*Exercise goal*
Keep to one stretch of the data below, the lines from the one with "apply/eqP/andP => [eq_pq" up to and including the one with "rewrite (bigD1 i0)", and return that stretch exactly.

Data items
Lemma symmat_mul k A B : symmat k (A *m B) = symmat k A *m symmat k B.
Proof.
apply/matrixP => a b; rewrite !mxE linsubst_mul -comp_mpolyA.
have homB := linsubstX_dhomog B (mon_of b); rewrite mdeg_mon_of in homB.
rewrite [X in X \mPo _](dhomog_mpolywE homB) (raddf_sum (comp_mpoly _)) raddf_sum /=.
under [RHS]eq_bigr do rewrite !mxE.
rewrite (@big_Mon m k _ (fun y => ('X_[y] \mPo linsubst A)@_(mon_of a) *
                                  ('X_[mon_of b] \mPo linsubst B)@_y)).
by apply: eq_bigr => y _; rewrite comp_mpolyZ mcoeffZ mulrC.
Qed.

Lemma symmat_diag k d :
  symmat k (diag_mx d) = diag_mx (\row_a \prod_(i < m) d 0 i ^+ mon_of a i).
Proof.
apply/matrixP => a b; rewrite !mxE comp_mpolyX.
under eq_bigr do rewrite linsubst_diag exprZn.
rewrite scaler_prod -mpolyXE_id mcoeffZ mcoeffX (inj_eq (@mon_of_inj m k)) eq_sym.
by case: eqVneq => [->|_]; rewrite ?mulr1 ?mulr0.
Qed.

Lemma mxtrace_symmat_diag k d :
  \tr (symmat k (diag_mx d)) =
  \sum_(y : 'X_{1..m < k.+1} | mdeg y == k) \prod_(i < m) d 0 i ^+ y i.
Proof.
rewrite symmat_diag mxtrace_diag -(@big_Mon m k _ (fun y => \prod_(i < m) d 0 i ^+ y i)).
by apply: eq_bigr => a _; rewrite mxE.
Qed.

Lemma symmat_scalar k c : symmat k (c%:M : 'M_m) = (c ^+ k)%:M.
Proof.
rewrite -diag_const_mx symmat_diag -diag_const_mx; congr diag_mx.
apply/rowP => a; rewrite !mxE; under eq_bigr do rewrite mxE.
by rewrite prodrXr -mdegE mdeg_mon_of.
Qed.

Lemma symmat_opp k A : symmat k (- A) = (-1) ^+ k *: symmat k A.
Proof.
by rewrite -[- A]scaleN1r -[-1 *: A]mul_scalar_mx symmat_mul symmat_scalar mul_scalar_mx.
Qed.

Lemma mxtrace_symmat_conj k (P Q : 'M[algC]_m) A : P *m Q = 1%:M ->
  \tr (symmat k (Q *m A *m P)) = \tr (symmat k A).
Proof.
move=> PQ1; rewrite !symmat_mul mxtrace_mulC !mulmxA -symmat_mul PQ1.
by rewrite symmat_scalar expr1n mul1mx.
Qed.

End SymmetricPower.

Definition mnm2 (p q : nat) : 'X_{1..2} := [multinom if i == ord0 then p else q | i < 2].

Lemma mdeg2 (y : 'X_{1..2}) : mdeg y = (y ord0 + y ord_max)%N.
Proof. by rewrite mdegE big_ord2. Qed.

Lemma mnm2E (y : 'X_{1..2}) : y = mnm2 (y ord0) (y ord_max).
Proof. by apply/mnmP => -[[|[|//]] lti]; rewrite mnmE /=; congr (y _); apply: val_inj. Qed.

Lemma eq_mnm2 p q p' q' : (mnm2 p q == mnm2 p' q') = (p == p') && (q == q').
Proof.
apply/eqP/andP => [eq_pq | [/eqP-> /eqP->] //].
move: (congr1 (fun y : 'X_{1..2} => y ord0) eq_pq).
by move: (congr1 (fun y : 'X_{1..2} => y ord_max) eq_pq); rewrite !mnmE /= => -> ->.
Qed.

Lemma big_mdeg2 (V : nmodType) k (F : 'X_{1..2} -> V) :
  \sum_(y : 'X_{1..2 < k.+1} | mdeg y == k) F y = \sum_(p < k.+1) F (mnm2 p (k - p)).
Proof.
rewrite (@big_mdeg_seq _ _ k [seq mnm2 p (k - p) | p <- iota 0 k.+1]).
- by rewrite big_map -val_enum_ord big_map big_enum.
- rewrite map_inj_in_uniq ?iota_uniq // => p p' _ _ /eqP.
  by rewrite eq_mnm2 => /andP[/eqP].
move=> y; rewrite mdeg2; apply/eqP/mapP => [<-|[p]].
  exists (y ord0); first by rewrite mem_iota add0n ltnS leq_addr.
  by rewrite addKn -mnm2E.
by rewrite mem_iota add0n ltnS => lepk ->; rewrite !mnmE /= subnKC.
Qed.

Lemma Mon22_enum : exists i0 i1 i2 : 'I_#|{: Mon 2 2}|,
  [/\ [/\ mon_of i0 = mnm2 2 0, mon_of i1 = mnm2 0 2 & mon_of i2 = mnm2 1 1],
      [/\ i0 != i1, i0 != i2 & i1 != i2] &
      forall a, [|| a == i0, a == i1 | a == i2]].
Proof.
have mdeg_mnm2 p q : mdeg (mnm2 p q) = (p + q)%N by rewrite mdeg2 !mnmE.
have [i0 mon_i0] := @mon_of_surj 2 2 (mnm2 2 0) (mdeg_mnm2 _ _).
have [i1 mon_i1] := @mon_of_surj 2 2 (mnm2 0 2) (mdeg_mnm2 _ _).
have [i2 mon_i2] := @mon_of_surj 2 2 (mnm2 1 1) (mdeg_mnm2 _ _).
exists i0, i1, i2; split=> [//||a]; rewrite -!(inj_eq (@mon_of_inj 2 2)) mon_i0 mon_i1 mon_i2.
  by rewrite !eq_mnm2.
rewrite (mnm2E (mon_of a)) !eq_mnm2; have := mdeg_mon_of a; rewrite mdeg2.
by move: (mon_of a ord0) (mon_of a ord_max) => [|[|[|?]]] [|[|[|?]]] //=.
Qed.

(* S^2 of a diagonal 2 x 2 matrix is diagonal on the monomial basis, indexed by
   'I_#|{: Mon 2 2}|: a three-element type that is not syntactically 'I_3. *)
Section ThreeIndices.
Variables (M : nat) (i0 i1 i2 : 'I_M).
Hypotheses (neq01 : i0 != i1) (neq02 : i0 != i2) (neq12 : i1 != i2).
Hypothesis cover3 : forall i, [|| i == i0, i == i1 | i == i2].

Lemma big_cover3 (R : Type) (idx : R) (op : Monoid.com_law idx) (F : 'I_M -> R) :
  \big[op/idx]_i F i = op (op (F i0) (F i1)) (F i2).
Proof.
rewrite (bigD1 i0) // (bigD1 i1) 1?eq_sym // (big_pred1 i2) ?Monoid.mulmA // => i /=.
have := cover3 i; have [->|_] /= := eqVneq i i0; first by rewrite (negbTE neq02).
by have [->|_] //= := eqVneq i i1; rewrite (negbTE neq12).
Qed.

Definition mnm3 (p q r : nat) : 'X_{1..M} :=
  [multinom if i == i0 then p else if i == i1 then q else r | i < M].

Lemma mnm3E p q r : [/\ mnm3 p q r i0 = p, mnm3 p q r i1 = q & mnm3 p q r i2 = r].
Proof.
rewrite !mnmE eqxx (eq_sym i1) (negbTE neq01) eqxx.
by rewrite (eq_sym i2) (negbTE neq02) (eq_sym i2) (negbTE neq12).
Qed.

Lemma mdeg3 (y : 'X_{1..M}) : mdeg y = (y i0 + y i1 + y i2)%N.
Proof. by rewrite mdegE big_cover3. Qed.

Lemma big_mdeg3 (V : nmodType) n (F : 'X_{1..M} -> V) :
  \sum_(y : 'X_{1..M < n.+1} | mdeg y == n) F y =
  \sum_(k < n.+1) \sum_(p < k.+1) F (mnm3 p (k - p) (n - k)).
Proof.
rewrite (@big_mdeg_seq _ _ n
  [seq mnm3 p (k - p) (n - k) | k <- iota 0 n.+1, p <- iota 0 k.+1]).
- rewrite big_allpairs_dep -val_enum_ord big_map big_enum; apply: eq_bigr => k _.
  by rewrite -val_enum_ord big_map big_enum.
- apply: allpairs_uniq_dep => [|k _|[k p] [k' p']]; rewrite ?iota_uniq //.
  move=> /allpairsPdep[x [_ [+ _ [-> _]]]] /allpairsPdep[x' [_ [+ _ [-> _]]]] /=.
  rewrite !mem_iota !add0n !ltnS => lexn lex'n eq_mnm.
  have := congr1 (fun y : 'X_{1..M} => y i2) eq_mnm.
  have := congr1 (fun y : 'X_{1..M} => y i0) eq_mnm.
  have [-> _ ->] := mnm3E p (x - p) (n - x).
  have [-> _ ->] := mnm3E p' (x' - p') (n - x').
  by move=> -> eq_nx; have -> : x = x' by lia.
move=> y; rewrite mdeg3; apply/eqP/allpairsPdep => [<-|[k [p [+ + ->]]]].
  exists (y i0 + y i1)%N, (y i0); rewrite !mem_iota !add0n !ltnS !leq_addr.
  split=> //; apply/mnmP => i; rewrite mnmE addKn [in RHS]addnC addnK.
  by have := cover3 i; do 2?[case: eqVneq => [->|_] //=] => /eqP ->.
rewrite !mem_iota !add0n !ltnS => lekn lepk.
by have [-> -> ->] := mnm3E p (k - p) (n - k); rewrite subnKC // subnKC.
Qed.

End ThreeIndices.

Section CompleteHomogeneous2.
Variable R : comRingType.
Implicit Types x y : R.

Definition hcomplete x y k := \sum_(p < k.+1) x ^+ p * y ^+ (k - p).

Lemma hcomplete0 x y : hcomplete x y 0 = 1.
Proof. by rewrite /hcomplete big_ord1 mulr1. Qed.

Lemma hcompleteS x y k : hcomplete x y k.+1 = y * hcomplete x y k + x ^+ k.+1.
Proof.
rewrite /hcomplete big_ord_recr subnn mulr1 mulr_sumr; congr (_ + _).
by apply: eq_bigr => -[p /= ltpk] _; rewrite subSn // exprS mulrCA.
Qed.

Lemma hcomplete_even x y k :
  hcomplete x y (2 * k).+2 =
  hcomplete (x ^+ 2) (y ^+ 2) k.+1 + x * y * hcomplete (x ^+ 2) (y ^+ 2) k.
Proof.
elim: k => [|k IH]; first by rewrite !hcompleteS !hcomplete0; ring.
have -> : (2 * k.+1).+2 = (2 * k).+4 by lia.
rewrite (hcompleteS x y (2 * k).+3) (hcompleteS x y (2 * k).+2) IH.
rewrite (hcompleteS _ _ k.+1) (hcompleteS _ _ k).
have -> : x ^+ (2 * k).+4 = x ^+ 2 * (x ^+ 2) ^+ k.+1.
  by rewrite -exprM -exprD; congr (_ ^+ _); lia.
have -> : x ^+ (2 * k).+3 = x * (x ^+ 2) ^+ k.+1.
  by rewrite -exprM -exprS; congr (_ ^+ _); lia.
rewrite [(x ^+ 2) ^+ k.+2]exprS; ring.
Qed.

*Result of this task*
apply/eqP/andP => [eq_pq | [/eqP-> /eqP->] //].
move: (congr1 (fun y : 'X_{1..2} => y ord0) eq_pq).
by move: (congr1 (fun y : 'X_{1..2} => y ord_max) eq_pq); rewrite !mnmE /= => -> ->.
Qed.

Lemma big_mdeg2 (V : nmodType) k (F : 'X_{1..2} -> V) :
  \sum_(y : 'X_{1..2 < k.+1} | mdeg y == k) F y = \sum_(p < k.+1) F (mnm2 p (k - p)).
Proof.
rewrite (@big_mdeg_seq _ _ k [seq mnm2 p (k - p) | p <- iota 0 k.+1]).
- by rewrite big_map -val_enum_ord big_map big_enum.
- rewrite map_inj_in_uniq ?iota_uniq // => p p' _ _ /eqP.
  by rewrite eq_mnm2 => /andP[/eqP].
move=> y; rewrite mdeg2; apply/eqP/mapP => [<-|[p]].
  exists (y ord0); first by rewrite mem_iota add0n ltnS leq_addr.
  by rewrite addKn -mnm2E.
by rewrite mem_iota add0n ltnS => lepk ->; rewrite !mnmE /= subnKC.
Qed.

Lemma Mon22_enum : exists i0 i1 i2 : 'I_#|{: Mon 2 2}|,
  [/\ [/\ mon_of i0 = mnm2 2 0, mon_of i1 = mnm2 0 2 & mon_of i2 = mnm2 1 1],
      [/\ i0 != i1, i0 != i2 & i1 != i2] &
      forall a, [|| a == i0, a == i1 | a == i2]].
Proof.
have mdeg_mnm2 p q : mdeg (mnm2 p q) = (p + q)%N by rewrite mdeg2 !mnmE.
have [i0 mon_i0] := @mon_of_surj 2 2 (mnm2 2 0) (mdeg_mnm2 _ _).
have [i1 mon_i1] := @mon_of_surj 2 2 (mnm2 0 2) (mdeg_mnm2 _ _).
have [i2 mon_i2] := @mon_of_surj 2 2 (mnm2 1 1) (mdeg_mnm2 _ _).
exists i0, i1, i2; split=> [//||a]; rewrite -!(inj_eq (@mon_of_inj 2 2)) mon_i0 mon_i1 mon_i2.
  by rewrite !eq_mnm2.
rewrite (mnm2E (mon_of a)) !eq_mnm2; have := mdeg_mon_of a; rewrite mdeg2.
by move: (mon_of a ord0) (mon_of a ord_max) => [|[|[|?]]] [|[|[|?]]] //=.
Qed.

(* S^2 of a diagonal 2 x 2 matrix is diagonal on the monomial basis, indexed by
   'I_#|{: Mon 2 2}|: a three-element type that is not syntactically 'I_3. *)
Section ThreeIndices.
Variables (M : nat) (i0 i1 i2 : 'I_M).
Hypotheses (neq01 : i0 != i1) (neq02 : i0 != i2) (neq12 : i1 != i2).
Hypothesis cover3 : forall i, [|| i == i0, i == i1 | i == i2].

Lemma big_cover3 (R : Type) (idx : R) (op : Monoid.com_law idx) (F : 'I_M -> R) :
  \big[op/idx]_i F i = op (op (F i0) (F i1)) (F i2).
Proof.
rewrite (bigD1 i0) // (bigD1 i1) 1?eq_sym // (big_pred1 i2) ?Monoid.mulmA // => i /=.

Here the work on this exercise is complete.